The state of play: Republican Sens. Lindsey Graham (S.C.), Tim Scott (S.C.), Ben Sasse (Neb.) and Rick Scott (Fla.) said Wednesday that they would object to fast-tracking the bill over a provision that would grant an extra $600 per week in unemployment benefits to low-wage workers who lose their jobs.

  • The Republican senators argue that because the unemployment benefits would be larger than what low-wage workers usually make, it would incentivize them to get laid off and not return to the workforce.
  • The amendment they want to introduce would limit unemployment benefits to 100% of a worker's salary.

The other side: Sen. Bernie Sanders later released a statement saying that unless the senators drop their "anti-worker objections," he is prepared to block the legislation in order to impose "strong conditions on the $500 billion corporate welfare fund."

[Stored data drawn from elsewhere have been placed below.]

(* The set of real characteristic matrices on $C^5(8)^*$ modulo left multiplication by $GL(5,\mathbb{Z}/2)$ has exactly two elements, represented by $$\begin{pmatrix}1&0&0&0&0&0&0&1\\0&1&0&0&0&1&0&1\\0&0&1&0&0&1&1&1\\0&0&0&1&0&1&1&0\\0&0&0&0&1&0&1&1\end{pmatrix}\quad\text{and}\quad\begin{pmatrix}1&0&0&0&0&0&0&1\\0&1&0&0&0&1&1&0\\0&0&1&0&0&0&1&1\\0&0&0&1&0&1&1&1\\0&0&0&0&1&1&0&1\end{pmatrix}.$$
   Context: $C^5(8)^*$ is the dual of the cyclic polytope $C^5(8)$, a simple $5$-polytope with facets $F_1,\ldots,F_8$ labeled so that five facets $F_{i_1},\ldots,F_{i_5}$ meet at a vertex iff $\{i_1,\ldots,i_5\}$ is a disjoint union of sets of the form $I_j=\{j,j+1\}\cap\{1,\ldots,8\}$, $j\in\{0,\ldots,8\}$. A real characteristic matrix on it is a $5\times 8$ matrix over $\mathbb{Z}/2$ whose columns $\boldsymbol\lambda_{i_1},\ldots,\boldsymbol\lambda_{i_5}$ have determinant $1$ whenever $F_{i_1},\ldots,F_{i_5}$ meet at a vertex; $GL(5,\mathbb{Z}/2)$ acts by left multiplication. *)

From mathcomp Require Import all_boot all_order all_algebra.
Set Implicit Arguments. Unset Strict Implicit. Unset Printing Implicit Defensive.
Import GRing.Theory.
Local Open Scope ring_scope.

(* Facets F_1..F_8 are indexed by i : 'I_8, facet F_(i+1) <-> i. *)

(* I_j = {j, j+1} \cap {1,..,8}, for j in {0,..,8} (j : 'I_9). *)
Definition Iset (j : 'I_9) : {set 'I_8} :=
  [set i : 'I_8 | (i.+1 == j)%N || (i.+1 == j.+1)%N].

Definition disjoint_union_of_I (S : {set 'I_8}) : Prop :=
  exists J : {set 'I_9},
    (forall j k, j \in J -> k \in J -> j != k -> [disjoint Iset j & Iset k]) /\
    S = \bigcup_(j in J) Iset j.

Definition is_vertex (S : {set 'I_8}) : Prop :=
  #|S| = 5%N /\ disjoint_union_of_I S.

Definition real_char_matrix (M : 'M['F_2]_(5, 8)) : Prop :=
  forall f : 'I_5 -> 'I_8, injective f -> is_vertex [set f i | i : 'I_5] ->
    \det (colsub f M) = 1.

Definition GL_equiv (M N : 'M['F_2]_(5, 8)) : Prop :=
  exists G : 'M['F_2]_5, G \in unitmx /\ N = G *m M.

Definition mx_of_rows (r : seq (seq nat)) : 'M['F_2]_(5, 8) :=
  \matrix_(i < 5, j < 8) ((nth 0%N (nth [::] r i) j)%:R : 'F_2).

Definition A1 : 'M['F_2]_(5, 8) := mx_of_rows
  [:: [:: 1; 0; 0; 0; 0; 0; 0; 1];
      [:: 0; 1; 0; 0; 0; 1; 0; 1];
      [:: 0; 0; 1; 0; 0; 1; 1; 1];
      [:: 0; 0; 0; 1; 0; 1; 1; 0];
      [:: 0; 0; 0; 0; 1; 0; 1; 1]]%N.

Definition A2 : 'M['F_2]_(5, 8) := mx_of_rows
  [:: [:: 1; 0; 0; 0; 0; 0; 0; 1];
      [:: 0; 1; 0; 0; 0; 1; 1; 0];
      [:: 0; 0; 1; 0; 0; 0; 1; 1];
      [:: 0; 0; 0; 1; 0; 1; 1; 1];
      [:: 0; 0; 0; 0; 1; 1; 0; 1]]%N.

(* Over F_2 a 5x5 minor has determinant 1 iff it is invertible, i.e. iff its columns
   span F_2^5; this is invariant under left multiplication by GL(5, F_2).  Since
   F_1, ..., F_5 meet at a vertex, every real characteristic matrix is equivalent to one
   whose first five columns form the identity, and two such normal forms are equivalent
   only if they are equal.  The 20 vertices are the disjoint unions of the I_j of size 5;
   choosing the last three columns one at a time and discarding a choice as soon as a
   vertex among the columns chosen so far fails leaves exactly the normal forms A1, A2. *)

From mathcomp Require Import all_boot all_order all_algebra.
From mathcomp Require Import zify.
Set Implicit Arguments. Unset Strict Implicit. Unset Printing Implicit Defensive.

Fixpoint bitvecs (n : nat) : seq (seq bool) :=
  if n is n'.+1 then [seq b :: l | b <- [:: false; true], l <- bitvecs n'] else [:: [::]].

Lemma mem_bitvecs n l : (l \in bitvecs n) = (size l == n).
Proof.
elim: n l => [|n IHn] l; first by case: l.
apply/allpairsP/idP => [[[b l'] [_ /=]]|]; first by rewrite IHn => /eqP <- ->.
by case: l => [|b l] //; rewrite eqSS -IHn => ?; exists (b, l); case: b.
Qed.

Lemma enum_set_inj (T : finType) (S : {set T}) m :
  #|S| = m -> exists f : 'I_m -> T, injective f /\ [set f i | i : 'I_m] = S.
Proof.
move=> cardS; exists (fun i => enum_val (cast_ord (esym cardS) i)); split.
- by move=> i j /enum_val_inj /cast_ord_inj.
- apply/setP => x; apply/imsetP/idP => [[i _ ->]|Sx]; first exact: enum_valP.
  by exists (cast_ord cardS (enum_rank_in Sx x)); rewrite // cast_ordK enum_rankK_in.
Qed.

Definition colset (s : seq nat) : {set 'I_8} := [set j : 'I_8 | val j \in s].

Lemma card_colset s : uniq s -> all (gtn 8) s -> #|colset s| = size s.
Proof.
move=> uniq_s /allP s_lt8; rewrite cardE -(size_map val).
apply/perm_size/uniq_perm => // [|k]; first by rewrite (map_inj_uniq val_inj) enum_uniq.
apply/mapP/idP => [[j]|k_s]; first by rewrite mem_enum inE => ? ->.
by exists (Ordinal (s_lt8 k k_s)); rewrite ?mem_enum ?inE.
Qed.

Lemma disjoint_Iset (j k : 'I_9) :
  j != k -> [disjoint Iset j & Iset k] = (j.+1 != k) && (k.+1 != j).
Proof.
rewrite -(inj_eq val_inj) /= => /eqP jk; apply/pred0P/andP => [dis | [/eqP jk1 /eqP kj1] i /=].
- split; apply/eqP => E.
  + have j8 : (j < 8)%N by move: (ltn_ord k); rewrite -E.
    by have /= := dis (Ordinal j8); rewrite !inE /= E !eqxx orbT.
  + have k8 : (k < 8)%N by move: (ltn_ord j); rewrite -E.
    by have /= := dis (Ordinal k8); rewrite !inE /= E !eqxx orbT.
- by rewrite !inE; apply/negbTE/negP => /andP [/orP [] /eqP ij /orP [] /eqP ik]; lia.
Qed.

Lemma mem_bigcup_Iset (J : {set 'I_9}) (i : 'I_8) :
  (i \in \bigcup_(j in J) Iset j) = (inord i \in J) || (inord i.+1 \in J).
Proof.
have i9 : (i < 9)%N := ltnW (ltn_ord i).
have i1_9 : (i.+1 < 9)%N := ltn_ord i.
apply/bigcupP/orP => [[j jJ]|[] iJ].
- rewrite inE => /orP [] /eqP ij; [right | left];
    by rewrite (_ : inord _ = j) //; apply: val_inj; rewrite /= inordK // ?ij //; case: ij.
- by exists (inord i); rewrite // inE inordK // eqxx orbT.
- by exists (inord i.+1); rewrite // inE inordK ?eqxx.
Qed.

(* A list [js] encodes the set [J] of indices [k] with [nth false js k]; facet [i]
   (0-based) lies in [I_i] and in [I_(i+1)], so [shadow js] is the union of the [I_j]. *)
Definition shadow (js : seq bool) : seq nat :=
  [seq i <- iota 0 8 | nth false js i || nth false js i.+1].

Definition separated (js : seq bool) : bool :=
  ~~ has (fun k => nth false js k && nth false js k.+1) (iota 0 8).

Definition vertex_list : seq (seq nat) :=
  [seq shadow js | js <- bitvecs 9 & separated js && (size (shadow js) == 5)].

Lemma shadow_bounded js : all (gtn 8) (shadow js).
Proof. by apply/allP => i; rewrite mem_filter mem_iota => /andP [_ /andP []]. Qed.

Lemma card_colset_shadow js : #|colset (shadow js)| = size (shadow js).
Proof. by rewrite card_colset ?filter_uniq ?iota_uniq ?shadow_bounded. Qed.

Lemma vertex_list_bounded s : s \in vertex_list -> all (gtn 8) s.
Proof. by case/mapP => js _ ->; apply: shadow_bounded. Qed.

Lemma vertex_list_is_vertex s : s \in vertex_list -> is_vertex (colset s).
Proof.
case/mapP => js; rewrite mem_filter => /andP [/andP [sep_js /eqP size5] _] ->.
split; first by rewrite card_colset_shadow.
exists [set k : 'I_9 | nth false js k]; split.
- move=> j k; rewrite !inE => jJ kJ jk; rewrite disjoint_Iset //.
  have adj l : (l < 8)%N -> nth false js l -> nth false js l.+1 -> False.
    by move=> l8 l1 l2; move/hasPn: sep_js => /(_ l); rewrite mem_iota l8 l1 l2 => /(_ isT).
  by apply/andP; split; apply/eqP => E; [apply: (adj j) | apply: (adj k)];
    rewrite ?E //; move: (ltn_ord j) (ltn_ord k); lia.
- apply/setP => i; rewrite mem_bigcup_Iset !inE mem_filter mem_iota ltn_ord /=.
  by rewrite !inordK //; move: (ltn_ord i); lia.
Qed.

  • “I am prepared to put a hold on this bill … to make sure that any corporation receiving financial assistance under this legislation does not lay off workers, cut wages or benefits, ship jobs overseas, or pay workers poverty wages," Sanders said.
  • Sanders told the New York Times that he will vote for the bill as written, but only if the Republicans drop their demands: "I cannot at the last minute allow some right-wing senators try to undermine the needs of workers and think they are going to get away with that.”

The big picture: The stock market lost a ton of steam after news broke of a potential holdup of the aid package.

  • Treasury Secretary Steven Mnuchin said at a press briefing Wednesday that he does not believe the provision will create incentives and that most Americans "want to keep their jobs.
  • He declined to comment on the Republican senators' specific complaints, but said it's his expectation that the bill will be passed by the Senate tonight and by the House tomorrow.